Always sickly and querulous, Louis was a prey to dark thoughts and fearful anticipations of early dissolution; and even while he suffered himself to be amused by the hawking, dancing, and feasting so lavishly provided for his entertainment, he was never at fault, during his frequent fits of moroseness and ill-humour, for subjects of complaint. His brother, Gaston d’Anjou, whom he at once feared and hated, was a constant theme of distrust; while the Comte de Soissons, the Duc de Montmorency, and the Prince de Chalais, his sworn adherents, were at times equally obnoxious to the suspicious and gloomy young sovereign. Then he bewailed the treachery of the Queen, whom he believed, through the agency of Richelieu, to be engaged in an intrigue with Spain dangerous to his own interests; mourned over himself because he had weakly suffered his authority to be usurped by a subject, and had not moral courage to redeem the error; and in his most confidential moments even inveighed against Richelieu with the bitterness of a sullen schoolboy, declaring that it was he who had poisoned the mind of his brother, estranged him from his wife, and deprived him of the support of the Princes of the Blood; forgetting, or wilfully overlooking the fact, that a single effort on his own part must have sufficed for his emancipation from this rule of iron.
On the departure of the Court for Fontainebleau, the Cardinal, according to his usual custom, had excused himself on the plea of ill-health from following the King; while Gaston d’Anjou, who, despite the concession that he had made, still deeply resented the affront to which he had been subjected by the arrest of his favourite, had remained in Paris. Richelieu, was, however, far from inactive in his retreat; but, while he was occupied in further schemes of self-aggrandizement, the partisans of the Prince were equally busy in devising the means of ridding themselves of a thrall so obnoxious to their pride; and after mooting several measures which were successively abandoned from their apparent impracticability, it was at length decided that, under the pretext of a hunting-party, nine of the conspirators should proceed to Fleury, and there assassinate their common enemy.
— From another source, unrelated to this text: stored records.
Lemma kernel_eq (a b : kernel) : proj1_sig a = proj1_sig b -> a = b.
Proof. destruct a, b; simpl; intros ->; f_equal; apply proof_irrelevance. Qed.

Lemma kernel_add_subproof (a b : kernel) : T (vadd (proj1_sig a) (proj1_sig b)) = vzero Y.
Proof. destruct a as [a Ha], b as [b Hb]; simpl; rewrite (proj1 HT), Ha, Hb; apply vadd0. Qed.

Lemma kernel_opp_subproof (a : kernel) : T (vopp (proj1_sig a)) = vzero Y.
Proof. destruct a as [a Ha]; simpl; rewrite linearN, Ha; auto; apply vopp0. Qed.

Lemma kernel_scale_subproof s (a : kernel) : T (vscale s (proj1_sig a)) = vzero Y.
Proof. destruct a as [a Ha]; simpl; rewrite (proj2 HT), Ha; apply vscale0. Qed.

Definition kernel_space : NormedSpace k.
Proof.
  refine (Build_NormedSpace k kernel
            (exist _ (vzero X) (linear0 T HT))
            (fun a b => exist _ _ (kernel_add_subproof a b))
            (fun a => exist _ _ (kernel_opp_subproof a))
            (fun s a => exist _ _ (kernel_scale_subproof s a))
            (fun a => vnorm (proj1_sig a)) _ _ _ _ _ _ _ _ _ _ _ _);
  intros; try (apply kernel_eq; simpl); simpl in *.
  - apply vaddA.
  - apply vaddC.
  - apply vadd0.
  - apply vaddN.
  - apply vscaleA.
  - apply vscale1.
  - apply vscaleDr.
  - apply vscaleDl.
  - apply vnorm_ge0.
  - apply vnorm_eq0; auto.
  - apply vnorm_scale.
  - apply vnorm_triangle.
Defined.

(* The kernel of a bounded operator is closed. *)
Lemma kernel_space_complete M : complete X -> bounded_by T M -> complete kernel_space.
Proof.
  intros Hc [HM HRM] u Hu.
  destruct (Hc (fun n => proj1_sig (u n))) as [l Hlim].
  { intros e He; destruct (Hu e He) as [N HN]; exists N; intros; apply HN; auto. }
  assert (Hl0 : T l = vzero Y).
  { apply vnorm_eq0, Rle_antisym; [|apply vnorm_ge0].
    apply Rle_plus_epsilon; intros e He.
    destruct (Hlim (e / (M + 1))) as [N HN]; [apply Rdiv_lt_0_compat; lra|].
    specialize (HN N (le_n _)).
    specialize (HRM (vsub (proj1_sig (u N)) l)).
    rewrite linearB, (proj2_sig (u N)), vsub0l, vnorm_opp in HRM by auto.
    assert (M * (e / (M + 1)) <= e).
    { apply (Rmult_le_reg_r (M + 1)); [lra|].
      replace (M * (e / (M + 1)) * (M + 1)) with (M * e) by (field; lra); nra. }
    pose proof (vnorm_ge0 _ _ (vsub (proj1_sig (u N)) l)); nra. }
  exists (exist _ l Hl0); intros e He; destruct (Hlim e He) as [N HN]; exists N; auto.
Qed.

Lemma linear_kernel_incl : is_linear (fun z : kernel_space => proj1_sig z).
Proof. split; reflexivity. Qed.

Lemma bounded_by_kernel_incl : bounded_by (fun z : kernel_space => proj1_sig z) 1.
Proof. split; [lra | intro; simpl; lra]. Qed.

Definition ker_corestrict {Z : NormedSpace k} (f : Z -> X) (Hf : forall z, T (f z) = vzero Y)
  : Z -> kernel_space := fun z => exist _ (f z) (Hf z).

Lemma linear_ker_corestrict {Z : NormedSpace k} (f : Z -> X) Hf :
  is_linear f -> is_linear (ker_corestrict f Hf).
Proof. intros [fa fs]; split; intros; apply kernel_eq; simpl; auto. Qed.

Lemma bounded_by_ker_corestrict {Z : NormedSpace k} (f : Z -> X) Hf M :
  bounded_by f M -> bounded_by (ker_corestrict f Hf) M.
Proof. auto. Qed.

End Kernel.

Section DirectSumMaps.
Context {k : scalar_kind} {X Y Z : NormedSpace k}.

Lemma linear_pair (f : Z -> X) (g : Z -> Y) :
  is_linear f -> is_linear g -> is_linear (fun z => (f z, g z) : dsum X Y).
Proof.
  intros [fa fs] [ga gs]; split; intros; simpl; unfold ds_add, ds_scale; simpl; f_equal; auto.
Qed.

Lemma bounded_by_pair (f : Z -> X) (g : Z -> Y) M N :
  bounded_by f M -> bounded_by g N -> bounded_by (fun z => (f z, g z) : dsum X Y) (M + N).
Proof.
  intros [HM Hf] [HN Hg]; split; [lra|]; intro z; simpl; unfold ds_norm; simpl.
  specialize (Hf z); specialize (Hg z); lra.
Qed.

Lemma linear_copair (f : X -> Z) (g : Y -> Z) :
  is_linear f -> is_linear g -> is_linear (fun p : dsum X Y => vadd (f (fst p)) (g (snd p))).
Proof.
  intros [fa fs] [ga gs]; split; intros; simpl; unfold ds_add, ds_scale; simpl.
  - rewrite fa, ga; apply vaddACA.
  - rewrite fs, gs, vscaleDr; reflexivity.
Qed.

Lemma bounded_by_copair (f : X -> Z) (g : Y -> Z) M N :
  bounded_by f M -> bounded_by g N ->
  bounded_by (fun p : dsum X Y => vadd (f (fst p)) (g (snd p))) (Rmax M N).
Proof.
  intros [HM Hf] [HN Hg]; split; [apply (Rle_trans _ M); [lra | apply Rmax_l]|].
  intros [x y]; simpl; unfold ds_norm; simpl.
  eapply Rle_trans; [apply vnorm_triangle|].
  specialize (Hf x); specialize (Hg y).
  pose proof (Rmax_l M N); pose proof (Rmax_r M N).
  pose proof (vnorm_ge0 _ _ x); pose proof (vnorm_ge0 _ _ y); nra.
Qed.

End DirectSumMaps.

Section Decomposition.
Context {k : scalar_kind} {Y1 Y2 : NormedSpace k}.
Variables (L : Y1 -> Y2) (Rm : Y2 -> Y1) (B : Y1 -> Y1) (beta b : R).
Hypotheses (HL : is_operator L) (HR : is_operator Rm) (HB : is_operator B)
  (HRLB : forall x, Rm (L (B x)) = x) (HBRL : forall y, B (Rm (L y)) = y)
  (bL : bounded_by L beta) (bR : bounded_by Rm beta) (bB : bounded_by B b).

(* [B] inverts [Rm L], so [Y2 = L(Y1) (+) ker Rm] with [proj_ker] the projection
   onto the second summand. *)
Definition proj_ker (v : Y2) : Y2 := vsub v (L (B (Rm v))).

Lemma Rm_proj_ker v : Rm (proj_ker v) = vzero Y1.
Proof. unfold proj_ker; rewrite linearB, HRLB by apply HR; apply vsubvv. Qed.

Lemma B_Rm_range_ker x z : Rm z = vzero Y1 -> B (Rm (vadd (L x) z)) = x.
Proof. intro Hz; rewrite (proj1 (proj1 HR)), Hz, vadd0; apply HBRL. Qed.

Lemma proj_ker_range_ker x z : Rm z = vzero Y1 -> proj_ker (vadd (L x) z) = z.
Proof. intro Hz; unfold proj_ker; rewrite B_Rm_range_ker by auto; apply vsub_addKl. Qed.

Lemma operator_proj_ker : is_operator proj_ker.
Proof.
  apply operator_sub; [apply operator_id|].
  apply (operator_comp (fun v => B (Rm v)) L), HL; apply operator_comp; auto.
Qed.

Lemma bounded_by_proj_ker : bounded_by proj_ker (1 + beta * (b * beta)).
Proof.
  apply bounded_by_sub; [apply bounded_by_id|].
  apply (bounded_by_comp (fun v => B (Rm v)) L), bL; apply bounded_by_comp; auto.
Qed.

Definition Y3 := kernel_space Rm (proj1 HR).

Definition to_dsum (y : Y2) : dsum Y1 Y3 :=
  (B (Rm y), ker_corestrict Rm (proj1 HR) proj_ker Rm_proj_ker y).

Definition of_dsum (z : dsum Y1 Y3) : Y2 := vadd (L (fst z)) (proj1_sig (snd z)).

Lemma of_to_dsum y : of_dsum (to_dsum y) = y.
Proof. apply vadd_subKC. Qed.

Lemma to_of_dsum z : to_dsum (of_dsum z) = z.
Proof.
  destruct z as [x [z Hz]]; unfold to_dsum, of_dsum; simpl; f_equal.
  - apply B_Rm_range_ker; auto.
  - apply kernel_eq; simpl; apply proj_ker_range_ker; auto.
Qed.

Lemma operator_to_dsum : is_operator to_dsum.
Proof.
  destruct (is_bounded_bounded_by _ (proj2 (operator_comp Rm B HR HB))) as [M HM].
  destruct (is_bounded_bounded_by _ (proj2 operator_proj_ker)) as [P HP].
  split; [|eapply bounded_by_is_bounded, bounded_by_pair; [apply HM | apply HP]].
  apply linear_pair; [apply linear_comp; [apply HR | apply HB]|].
  apply linear_ker_corestrict, operator_proj_ker.
Qed.

Lemma opnorm_to_dsum : opnorm to_dsum <= b * beta + (1 + beta * (b * beta)).
Proof.
  apply opnorm_le, bounded_by_pair; [apply bounded_by_comp; auto | apply bounded_by_proj_ker].
Qed.

Lemma bounded_by_of_dsum : bounded_by of_dsum (Rmax beta 1).
Proof. apply bounded_by_copair; [apply bL | apply bounded_by_kernel_incl]. Qed.

Lemma operator_of_dsum : is_operator of_dsum.
Proof.
  destruct (is_bounded_bounded_by _ (proj2 HL)) as [M HM].
  split; [apply linear_copair; [apply HL | apply linear_kernel_incl]|].
  eapply bounded_by_is_bounded, bounded_by_copair; [apply HM | apply bounded_by_kernel_incl].
Qed.

Section Perturbation.
Variables (T1 : Y1 -> Y1) (T2 : Y2 -> Y2).
Hypotheses (HT1 : is_operator T1) (HT2 : is_operator T2).

Definition defect_L (y : Y1) : Y2 := vsub (L (T1 y)) (T2 (L y)).
Definition defect_R (y : Y2) : Y1 := vsub (T1 (Rm y)) (Rm (T2 y)).

Definition compression : Y3 -> Y3 :=
  ker_corestrict Rm (proj1 HR) (fun z : Y3 => proj_ker (T2 (proj1_sig z))) (fun z => Rm_proj_ker _).

Definition perturbation (w : Y2) : Y2 :=
  vadd (defect_L (B (Rm w))) (L (B (defect_R (proj_ker w)))).

Lemma operator_defect_L : is_operator defect_L.
Proof. apply operator_sub; apply operator_comp; auto. Qed.

Lemma operator_defect_R : is_operator defect_R.
Proof. apply operator_sub; apply operator_comp; auto. Qed.

Lemma operator_compression : is_operator compression.
Proof.
  destruct (is_bounded_bounded_by _ (proj2 HT2)) as [M HM].
  destruct (is_bounded_bounded_by _ (proj2 operator_proj_ker)) as [P HP].
  split.
  - apply linear_ker_corestrict, linear_comp; [apply linear_comp|];
      [apply linear_kernel_incl | apply HT2 | apply operator_proj_ker].
  - eapply bounded_by_is_bounded, bounded_by_ker_corestrict.
    apply bounded_by_comp; [apply bounded_by_comp|];
      [apply bounded_by_kernel_incl | apply HM | apply HP].
Qed.

Lemma operator_perturbation : is_operator perturbation.
Proof.
  apply operator_add.
  - apply (operator_comp (fun w => B (Rm w))); [apply operator_comp|]; auto.
    apply operator_defect_L.
  - apply (operator_comp (fun w => B (defect_R (proj_ker w))) L), HL.
    apply (operator_comp (fun w => defect_R (proj_ker w))), HB.
    apply operator_comp; [apply operator_proj_ker | apply operator_defect_R].
Qed.

Lemma compact_perturbation : compact_op defect_L -> compact_op defect_R ->
  compact_op perturbation.
Proof.
  intros HC1 HC2.
  destruct (is_bounded_bounded_by _ (proj2 (operator_comp Rm B HR HB))) as [M HM].
  destruct (is_bounded_bounded_by _ (proj2 operator_proj_ker)) as [P HP].
  apply compact_on_bounded_compact_op, compact_on_bounded_add.
  - apply (compact_on_bounded_comp_r (fun w => B (Rm w)) _ M), HM.
    apply compact_op_on_bounded; [apply operator_defect_L | apply HC1].
  - apply (compact_on_bounded_comp_l (fun w => defect_R (proj_ker w)) (fun v => L (B v))).
    + apply (compact_on_bounded_comp_r proj_ker _ P), HP.
      apply compact_op_on_bounded; [apply operator_defect_R | apply HC2].
    + apply operator_comp; auto.
Qed.

Lemma bounded_by_perturbation c1 c2 :
  bounded_by defect_L c1 -> bounded_by defect_R c2 ->
  bounded_by perturbation (c1 * (b * beta) + beta * (b * (c2 * (1 + beta * (b * beta))))).
Proof.
  intros b1 b2; apply bounded_by_add.
  - apply (bounded_by_comp (fun w => B (Rm w))); [apply bounded_by_comp|]; auto.
  - apply (bounded_by_comp (fun w => B (defect_R (proj_ker w))) L), bL.
    apply (bounded_by_comp (fun w => defect_R (proj_ker w))), bB.
    apply bounded_by_comp; [apply bounded_by_proj_ker | apply b2].
Qed.

(* On [L x + z] with [z] in [ker Rm], the perturbation trades [T2 (L x)] for
   [L (T1 x)] and [T2 z] for its projection onto [ker Rm]. *)
Lemma to_dsum_perturbed z :
  to_dsum (vadd (T2 (of_dsum z)) (perturbation (of_dsum z))) = dsum_map T1 compression z.
Proof.
  rewrite <- (to_of_dsum (dsum_map T1 compression z)); f_equal.
  destruct z as [x [z Hz]]; unfold of_dsum, perturbation, defect_L, defect_R; simpl.
  rewrite B_Rm_range_ker, proj_ker_range_ker by auto.
  rewrite Hz, (linear0 T1), vsub0l, (linearN B), (linearN L), (proj1 (proj1 HT2))
    by (apply HT1 || apply HB || apply HL).
  rewrite vaddACA, vadd_subKC; reflexivity.
Qed.

End Perturbation.
End Decomposition.

Lemma condition_number_le beta : 1 <= beta ->
  (2 * beta + (1 + beta * (2 * beta))) * Rmax beta 1 <= 7 * beta ^ 6.
Proof.
  intro Hb; rewrite Rmax_left by lra.
  assert (H3 : 1 <= beta ^ 3) by (rewrite <- (pow1 3); apply pow_incr; lra).
  replace (beta ^ 6) with (beta ^ 3 * beta ^ 3) by ring.
  simpl in *; nra.
Qed.

Lemma perturbation_constant_limit c : 0 < c ->
  forall eta, 0 < eta -> exists delta, 0 < delta /\
    forall t, 0 < t < 1 / 2 -> t < delta -> c * t < eta.
Proof.
  intros Hc eta Heta; exists (eta / c); split; [apply Rdiv_lt_0_compat; auto|].
  intros t _ Ht; apply (Rmult_lt_compat_l c) in Ht; auto.
  replace (c * (eta / c)) with eta in Ht by (field; lra); auto.
Qed.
Of this number was the unfortunate Chalais; who, however, before the execution of the project, confided it to a friend, by whom he was warned against any participation in so dangerous an attempt, and advised immediately to apprise the Cardinal of his danger. As the young Prince hesitated to follow this counsel, the Commandeur de Valence, who was anxious to save him from, as he believed, inevitable destruction, assured him that should he fail to communicate the conspiracy to the minister, he would himself instantly reveal it; upon which Chalais, intimidated by the threat, consented to accompany him to Richelieu, and to confess the whole.
Having listened attentively to all the details of the plot, the Cardinal courteously thanked his informants, and requested them to proceed to Fontainebleau, and to repeat what they had told him to the King. He was obeyed; and an hour before midnight Louis despatched a body of troops to Fleury, with instructions to obey the orders of the minister whatever might be their nature; while Marie de Medicis at the same time commanded the officers of her household and a number of the nobility to accompany the royal guards.